To mitigate these risks, the control plane should be scaled to a high-availability configuration — a minimum of three nodes. This is especially critical for etcd, which requires a quorum to elect a leader. The quorum works on a majority basis (N/2 + 1) of the total number of nodes.
Example:
Cluster size | Quorum (majority) | Max fault tolerance |
---|---|---|
1 | 1 | 0 |
3 | 2 | 1 |
5 | 3 | 2 |
7 | 4 | 3 |
9 | 5 | 4 |
An even number of nodes does not improve fault tolerance but increases replication overhead.
In most cases, three etcd nodes are sufficient. Use five if high availability is critical. More than seven is rarely necessary and not recommended due to high resource consumption.
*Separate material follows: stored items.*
Lemma mem_leaf_obs t s o p : leaf_path t s o p -> o \in leaf_obs t.
Proof.
elim=> {t s o p} [|J cs i s o p lt_i_cs _ IH|pcs i s o p lt_i_pcs _ IH].
- exact: mem_head.
- by rewrite leaf_obs_PNode; apply/flatten_mkseqP; exists i; rewrite // map_f.
- by apply/(flatten_map_nthP (0, Leaf)); exists i.
Qed.

Lemma uniform_is_strat t : wf_game nA t -> is_strat nA t (fun I _ => (nA I)%:R^-1).
Proof.
move=> wf I I_t; split=> [a|]; first by rewrite invr_ge0.
by rewrite sumr_const card_ord -[LHS]mulr_natr mulVf // pnatr_eq0 -lt0n (wf_nA_gt0 wf I_t).
Qed.

Lemma optval_le_pinfo_value t u : wf_game nA t -> (forall s, 0 <= u s) ->
  optval nA t u <= pinfo_value u t.
Proof.
move=> wf u_ge0; apply: ge_sup => [|_ [pi str <-]]; last exact: EU_le_pinfo_value.
exists (EU (fun I _ => (nA I)%:R^-1) u t), (fun I _ => (nA I)%:R^-1) => //.
exact: uniform_is_strat.
Qed.

Lemma EU_le_optval t u pi : wf_game nA t -> (forall s, 0 <= u s) ->
  is_strat nA t pi -> EU pi u t <= optval nA t u.
Proof.
move=> wf u_ge0 str; apply: ub_le_sup; last by exists pi.
by exists (pinfo_value u t) => _ [pi' str' <-]; exact: EU_le_pinfo_value.
Qed.

End Strategies.

Section Empirical.
Variables (L : eqType) (nA : L -> nat) (o : seq (L * nat)).

Definition visits (I : L) : nat := count (pred1 I) (map fst o).

Definition freq_strat (I : L) (a : nat) : R :=
  if visits I == 0%N then (nA I)%:R^-1
  else (count (pred1 (I, a)) o)%:R / (visits I)%:R.

Lemma visits_gt0 x : x \in o -> (0 < visits x.1)%N.
Proof. by move=> x_o; rewrite -has_count has_pred1 map_f. Qed.

Lemma count_le_visits x : (count (pred1 x) o <= visits x.1)%N.
Proof. by rewrite /visits count_map; apply: sub_count => y /eqP ->/=. Qed.

Lemma sum_count_actions I n : all (fun x => (x.1 == I) ==> (x.2 < n)%N) o ->
  (\sum_(a < n) count (pred1 (I, val a)) o)%N = visits I.
Proof.
rewrite /visits; elim: o => [|[J b] s IHs] /=; first by rewrite big1.
case/andP=> b_lt /IHs {}IHs; rewrite big_split /= IHs; congr (_ + _)%N.
case: eqP b_lt => [<- /= b_lt|/eqP/negbTE neq_JI _]; last first.
  by rewrite big1 // => a _; rewrite xpair_eqE neq_JI.
rewrite (bigD1 (Ordinal b_lt)) //= eqxx big1 // => a.
by rewrite xpair_eqE eqxx -val_eqE /= eq_sym => /negbTE ->.
Qed.

Lemma freq_strat_ge0 I a : 0 <= freq_strat I a.
Proof. by rewrite /freq_strat; case: ifP; rewrite ?invr_ge0 ?divr_ge0. Qed.

Lemma freq_stratE x : x \in o ->
  freq_strat x.1 x.2 = (count (pred1 x) o)%:R / (visits x.1)%:R.
Proof. by move=> x_o; rewrite /freq_strat eqn0Ngt visits_gt0 // -surjective_pairing. Qed.

Lemma freq_is_strat t : wf_game nA t -> all (fun x => x.2 < nA x.1)%N o ->
  is_strat nA t freq_strat.
Proof.
move=> wf o_ok I I_t; split=> [a|]; first exact: freq_strat_ge0.
rewrite /freq_strat; case: eqP => [_|/eqP visits_neq0].
  exact: (uniform_is_strat wf I_t).2.
rewrite -mulr_suml -natr_sum sum_count_actions ?divff ?pnatr_eq0 //.
by apply/allP=> x x_o; apply/implyP=> /eqP <-; exact: (allP o_ok).
Qed.

Lemma alpha_prod :
  alpha R o = \prod_(x <- o) ((count (pred1 x) o)%:R / (visits x.1)%:R).
Proof.
rewrite (big_group_key _ fst) /alpha /= [LHS]big_mkcond.
apply: eq_big_seq => I; rewrite mem_undup => I_o; case: ltnP => [_|visits_le1].
  rewrite -[RHS]big_filter.
  pose g a : R := (count (pred1 (I, a)) o)%:R / (visits I)%:R.
  transitivity (\prod_(x <- [seq x <- o | x.1 == I]) g x.2); last first.
    by apply: eq_big_seq => -[J a]; rewrite mem_filter => /andP[/eqP /= -> _].
  rewrite -(big_map snd xpredT g) -[RHS]big_undup_iterop_count.
  apply: eq_big_seq => a _; rewrite Monoid.iteropE iter_mulr_1; congr (_ ^+ _).
  rewrite count_map count_filter; apply: eq_count => -[J b] /=.
  by rewrite xpair_eqE andbC.
apply/esym/big1_seq => x /andP[/eqP x1_I x_o].
have count_gt0 : (0 < count (pred1 x) o)%N by rewrite -has_count has_pred1.
have visits1 : visits x.1 = 1%N.
  by apply/eqP; rewrite eqn_leq visits_gt0 // x1_I visits_le1.
have count1 : count (pred1 x) o = 1%N.
  by apply/eqP; rewrite eqn_leq count_gt0 -visits1 count_le_visits.
by rewrite visits1 count1 divr1.
Qed.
After new control plane nodes are added:
- The label
node-role.kubernetes.io/control-plane=""
is applied. - A DaemonSet launches control plane pods on the new nodes.
- DKP creates or updates files in
/etc/kubernetes
: manifests, configuration files, certificates, etc. - All DKP modules that support high availability will enable it automatically, unless the global setting
highAvailability
is manually overridden.
Control plane node removal is performed in reverse:
- Labels
node-role.kubernetes.io/control-plane
,node-role.kubernetes.io/master
, andnode.deckhouse.io/group
are removed. - DKP removes its pods from these nodes.
- etcd members on the nodes are automatically deleted.
- If the number of nodes drops from two to one, etcd may enter
readonly
mode. In this case, you must start etcd with the--force-new-cluster
flag, which should be removed after a successful startup.